→ EXCERPTED RECORDS:

════════

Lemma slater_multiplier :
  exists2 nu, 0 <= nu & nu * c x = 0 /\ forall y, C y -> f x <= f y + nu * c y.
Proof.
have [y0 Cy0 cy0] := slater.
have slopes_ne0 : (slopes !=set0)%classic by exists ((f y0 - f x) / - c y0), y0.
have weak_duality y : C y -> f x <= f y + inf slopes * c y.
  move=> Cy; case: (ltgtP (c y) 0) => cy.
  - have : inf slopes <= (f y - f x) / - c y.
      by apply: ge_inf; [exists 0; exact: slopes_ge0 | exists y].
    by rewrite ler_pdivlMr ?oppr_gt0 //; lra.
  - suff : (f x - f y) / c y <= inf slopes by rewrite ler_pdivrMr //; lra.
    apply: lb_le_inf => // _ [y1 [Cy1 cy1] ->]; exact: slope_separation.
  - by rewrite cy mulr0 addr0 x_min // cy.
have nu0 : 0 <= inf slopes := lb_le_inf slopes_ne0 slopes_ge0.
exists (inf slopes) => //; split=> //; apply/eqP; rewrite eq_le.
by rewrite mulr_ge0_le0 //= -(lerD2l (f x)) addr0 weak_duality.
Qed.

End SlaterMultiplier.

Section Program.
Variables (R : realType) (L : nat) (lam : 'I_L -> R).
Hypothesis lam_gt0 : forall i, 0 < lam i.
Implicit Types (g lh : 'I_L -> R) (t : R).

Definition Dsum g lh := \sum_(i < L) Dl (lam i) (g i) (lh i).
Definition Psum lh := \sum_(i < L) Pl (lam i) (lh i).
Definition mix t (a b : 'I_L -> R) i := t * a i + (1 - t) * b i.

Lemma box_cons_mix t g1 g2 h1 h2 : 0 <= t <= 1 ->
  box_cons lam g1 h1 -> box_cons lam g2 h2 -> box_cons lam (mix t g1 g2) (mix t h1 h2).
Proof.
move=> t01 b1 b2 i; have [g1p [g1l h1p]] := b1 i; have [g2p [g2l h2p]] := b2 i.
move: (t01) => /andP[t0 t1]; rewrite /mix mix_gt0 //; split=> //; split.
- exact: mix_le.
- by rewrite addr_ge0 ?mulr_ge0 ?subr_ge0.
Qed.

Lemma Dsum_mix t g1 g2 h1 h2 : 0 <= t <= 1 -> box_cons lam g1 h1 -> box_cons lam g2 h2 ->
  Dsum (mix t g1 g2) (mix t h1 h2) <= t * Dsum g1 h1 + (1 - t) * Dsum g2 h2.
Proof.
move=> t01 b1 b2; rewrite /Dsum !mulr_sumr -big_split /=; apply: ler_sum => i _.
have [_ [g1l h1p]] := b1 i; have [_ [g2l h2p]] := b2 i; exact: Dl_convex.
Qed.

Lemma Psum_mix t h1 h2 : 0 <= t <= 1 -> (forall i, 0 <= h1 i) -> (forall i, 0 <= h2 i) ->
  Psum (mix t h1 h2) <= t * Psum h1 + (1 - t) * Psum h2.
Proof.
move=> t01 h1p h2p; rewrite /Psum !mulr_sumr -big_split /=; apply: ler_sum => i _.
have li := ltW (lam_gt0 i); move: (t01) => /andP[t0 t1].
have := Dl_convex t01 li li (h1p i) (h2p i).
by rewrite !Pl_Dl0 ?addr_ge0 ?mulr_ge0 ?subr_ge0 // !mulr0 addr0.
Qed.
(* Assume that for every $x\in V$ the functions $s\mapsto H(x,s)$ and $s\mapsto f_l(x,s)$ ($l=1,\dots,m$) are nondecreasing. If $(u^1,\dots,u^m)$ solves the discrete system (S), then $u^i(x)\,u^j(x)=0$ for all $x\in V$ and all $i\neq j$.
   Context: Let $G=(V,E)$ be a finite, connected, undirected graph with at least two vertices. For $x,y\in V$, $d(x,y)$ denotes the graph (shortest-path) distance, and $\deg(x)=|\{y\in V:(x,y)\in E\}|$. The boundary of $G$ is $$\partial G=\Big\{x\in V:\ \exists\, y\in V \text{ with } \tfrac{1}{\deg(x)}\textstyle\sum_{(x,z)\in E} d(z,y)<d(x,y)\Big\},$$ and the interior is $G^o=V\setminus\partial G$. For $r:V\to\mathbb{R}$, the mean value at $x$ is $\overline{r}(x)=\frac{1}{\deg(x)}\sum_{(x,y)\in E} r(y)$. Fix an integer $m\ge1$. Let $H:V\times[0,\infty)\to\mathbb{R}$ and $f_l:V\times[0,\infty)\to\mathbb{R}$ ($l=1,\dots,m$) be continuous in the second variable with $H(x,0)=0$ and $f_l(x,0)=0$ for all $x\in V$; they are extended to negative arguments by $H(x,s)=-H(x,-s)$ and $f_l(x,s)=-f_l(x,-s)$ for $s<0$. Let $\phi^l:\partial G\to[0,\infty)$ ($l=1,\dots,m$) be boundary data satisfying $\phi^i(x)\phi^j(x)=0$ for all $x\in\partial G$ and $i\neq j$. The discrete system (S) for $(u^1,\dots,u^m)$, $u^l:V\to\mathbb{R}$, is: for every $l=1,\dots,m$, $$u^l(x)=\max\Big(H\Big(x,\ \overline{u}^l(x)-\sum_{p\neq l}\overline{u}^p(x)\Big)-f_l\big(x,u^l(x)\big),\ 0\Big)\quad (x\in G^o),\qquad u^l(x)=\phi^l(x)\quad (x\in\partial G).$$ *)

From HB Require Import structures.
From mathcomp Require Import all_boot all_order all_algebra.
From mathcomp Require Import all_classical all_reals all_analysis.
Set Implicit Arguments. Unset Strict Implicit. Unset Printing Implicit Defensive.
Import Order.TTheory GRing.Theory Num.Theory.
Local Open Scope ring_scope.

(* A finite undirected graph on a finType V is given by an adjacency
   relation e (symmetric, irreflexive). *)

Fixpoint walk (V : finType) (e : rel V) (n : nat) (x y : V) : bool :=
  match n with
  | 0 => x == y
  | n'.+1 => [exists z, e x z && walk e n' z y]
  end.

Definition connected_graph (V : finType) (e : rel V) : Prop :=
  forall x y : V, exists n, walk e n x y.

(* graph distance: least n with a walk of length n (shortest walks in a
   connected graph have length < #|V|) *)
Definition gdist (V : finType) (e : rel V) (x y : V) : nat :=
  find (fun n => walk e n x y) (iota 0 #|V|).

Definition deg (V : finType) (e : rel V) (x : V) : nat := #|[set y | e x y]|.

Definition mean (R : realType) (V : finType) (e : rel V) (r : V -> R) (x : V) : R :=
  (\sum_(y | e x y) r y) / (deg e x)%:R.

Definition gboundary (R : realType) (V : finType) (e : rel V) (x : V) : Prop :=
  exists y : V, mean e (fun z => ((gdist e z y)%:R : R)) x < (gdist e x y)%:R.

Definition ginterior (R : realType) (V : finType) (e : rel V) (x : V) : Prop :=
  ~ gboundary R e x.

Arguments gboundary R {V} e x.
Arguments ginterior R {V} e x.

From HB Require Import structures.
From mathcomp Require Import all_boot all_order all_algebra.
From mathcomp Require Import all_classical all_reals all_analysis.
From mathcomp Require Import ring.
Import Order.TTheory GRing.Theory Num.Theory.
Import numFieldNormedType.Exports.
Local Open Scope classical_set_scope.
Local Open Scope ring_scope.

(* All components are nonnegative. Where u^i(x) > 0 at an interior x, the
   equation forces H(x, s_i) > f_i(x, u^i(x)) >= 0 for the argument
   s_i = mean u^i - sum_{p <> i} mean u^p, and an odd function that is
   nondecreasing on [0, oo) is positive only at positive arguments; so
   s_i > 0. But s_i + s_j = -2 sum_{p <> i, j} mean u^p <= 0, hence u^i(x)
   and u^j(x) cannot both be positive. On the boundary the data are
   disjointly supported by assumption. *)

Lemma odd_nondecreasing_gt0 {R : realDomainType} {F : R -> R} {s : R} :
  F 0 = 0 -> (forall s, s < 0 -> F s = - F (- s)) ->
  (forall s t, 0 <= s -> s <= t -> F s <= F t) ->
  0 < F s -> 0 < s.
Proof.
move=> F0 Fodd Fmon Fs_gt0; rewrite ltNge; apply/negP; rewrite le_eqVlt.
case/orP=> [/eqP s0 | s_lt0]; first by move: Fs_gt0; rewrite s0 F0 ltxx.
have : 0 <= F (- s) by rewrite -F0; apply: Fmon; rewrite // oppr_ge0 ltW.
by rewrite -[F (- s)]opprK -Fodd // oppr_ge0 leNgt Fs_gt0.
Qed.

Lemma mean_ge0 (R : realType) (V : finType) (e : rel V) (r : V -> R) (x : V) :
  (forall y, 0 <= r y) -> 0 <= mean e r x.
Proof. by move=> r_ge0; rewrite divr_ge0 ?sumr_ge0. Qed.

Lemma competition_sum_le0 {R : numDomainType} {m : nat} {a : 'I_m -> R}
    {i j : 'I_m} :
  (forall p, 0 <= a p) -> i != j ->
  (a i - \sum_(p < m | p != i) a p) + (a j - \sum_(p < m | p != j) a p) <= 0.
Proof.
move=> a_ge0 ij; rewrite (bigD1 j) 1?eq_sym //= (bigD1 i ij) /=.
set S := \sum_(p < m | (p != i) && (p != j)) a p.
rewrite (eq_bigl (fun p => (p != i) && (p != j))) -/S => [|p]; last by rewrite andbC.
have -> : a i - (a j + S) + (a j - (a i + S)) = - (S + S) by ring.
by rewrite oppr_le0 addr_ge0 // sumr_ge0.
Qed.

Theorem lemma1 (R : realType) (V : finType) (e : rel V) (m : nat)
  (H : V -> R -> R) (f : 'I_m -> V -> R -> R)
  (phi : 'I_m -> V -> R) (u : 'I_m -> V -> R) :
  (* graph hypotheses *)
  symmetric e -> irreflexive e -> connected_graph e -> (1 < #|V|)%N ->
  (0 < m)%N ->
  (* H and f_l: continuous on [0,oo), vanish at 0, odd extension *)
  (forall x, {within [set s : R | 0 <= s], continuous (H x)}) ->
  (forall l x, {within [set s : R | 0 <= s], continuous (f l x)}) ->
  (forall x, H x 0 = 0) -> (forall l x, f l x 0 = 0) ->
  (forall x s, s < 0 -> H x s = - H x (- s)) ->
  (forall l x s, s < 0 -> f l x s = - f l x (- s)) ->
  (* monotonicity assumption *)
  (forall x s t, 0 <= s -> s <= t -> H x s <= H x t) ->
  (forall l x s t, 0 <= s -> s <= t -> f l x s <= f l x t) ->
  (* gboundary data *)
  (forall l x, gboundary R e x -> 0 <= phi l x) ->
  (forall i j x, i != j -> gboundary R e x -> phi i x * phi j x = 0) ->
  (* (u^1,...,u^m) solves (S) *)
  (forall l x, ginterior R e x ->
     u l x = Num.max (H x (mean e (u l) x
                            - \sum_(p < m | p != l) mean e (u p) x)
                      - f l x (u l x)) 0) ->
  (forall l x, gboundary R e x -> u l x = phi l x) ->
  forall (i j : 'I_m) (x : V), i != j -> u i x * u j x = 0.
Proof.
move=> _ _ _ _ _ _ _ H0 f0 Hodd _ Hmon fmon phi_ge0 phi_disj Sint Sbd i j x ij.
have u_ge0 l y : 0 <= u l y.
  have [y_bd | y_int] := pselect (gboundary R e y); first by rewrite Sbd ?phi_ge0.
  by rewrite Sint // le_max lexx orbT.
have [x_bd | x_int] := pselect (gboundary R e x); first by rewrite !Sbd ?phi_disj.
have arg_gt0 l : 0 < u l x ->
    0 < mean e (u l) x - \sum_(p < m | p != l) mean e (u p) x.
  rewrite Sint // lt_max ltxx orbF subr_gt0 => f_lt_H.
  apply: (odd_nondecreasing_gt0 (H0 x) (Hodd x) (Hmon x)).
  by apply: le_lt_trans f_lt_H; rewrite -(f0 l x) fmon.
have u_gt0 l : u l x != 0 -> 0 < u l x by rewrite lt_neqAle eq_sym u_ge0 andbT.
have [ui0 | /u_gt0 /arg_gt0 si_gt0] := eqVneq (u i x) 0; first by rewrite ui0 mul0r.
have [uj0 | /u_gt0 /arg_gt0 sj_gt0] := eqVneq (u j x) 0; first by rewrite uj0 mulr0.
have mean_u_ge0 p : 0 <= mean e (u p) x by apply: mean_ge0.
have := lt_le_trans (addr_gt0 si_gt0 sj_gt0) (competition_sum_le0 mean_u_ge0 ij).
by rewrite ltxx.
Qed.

════════

→ TASK BRIEF: Repeat, word for word, the lines above between the line holding "move=> _ _ _ _ _ _ _ H0" and the line holding "by rewrite Sint // le_max lexx orbT.", inclusive; omit everything else.

→ SOLUTION TO THE EXERCISE:
move=> _ _ _ _ _ _ _ H0 f0 Hodd _ Hmon fmon phi_ge0 phi_disj Sint Sbd i j x ij.
have u_ge0 l y : 0 <= u l y.
  have [y_bd | y_int] := pselect (gboundary R e y); first by rewrite Sbd ?phi_ge0.
  by rewrite Sint // le_max lexx orbT.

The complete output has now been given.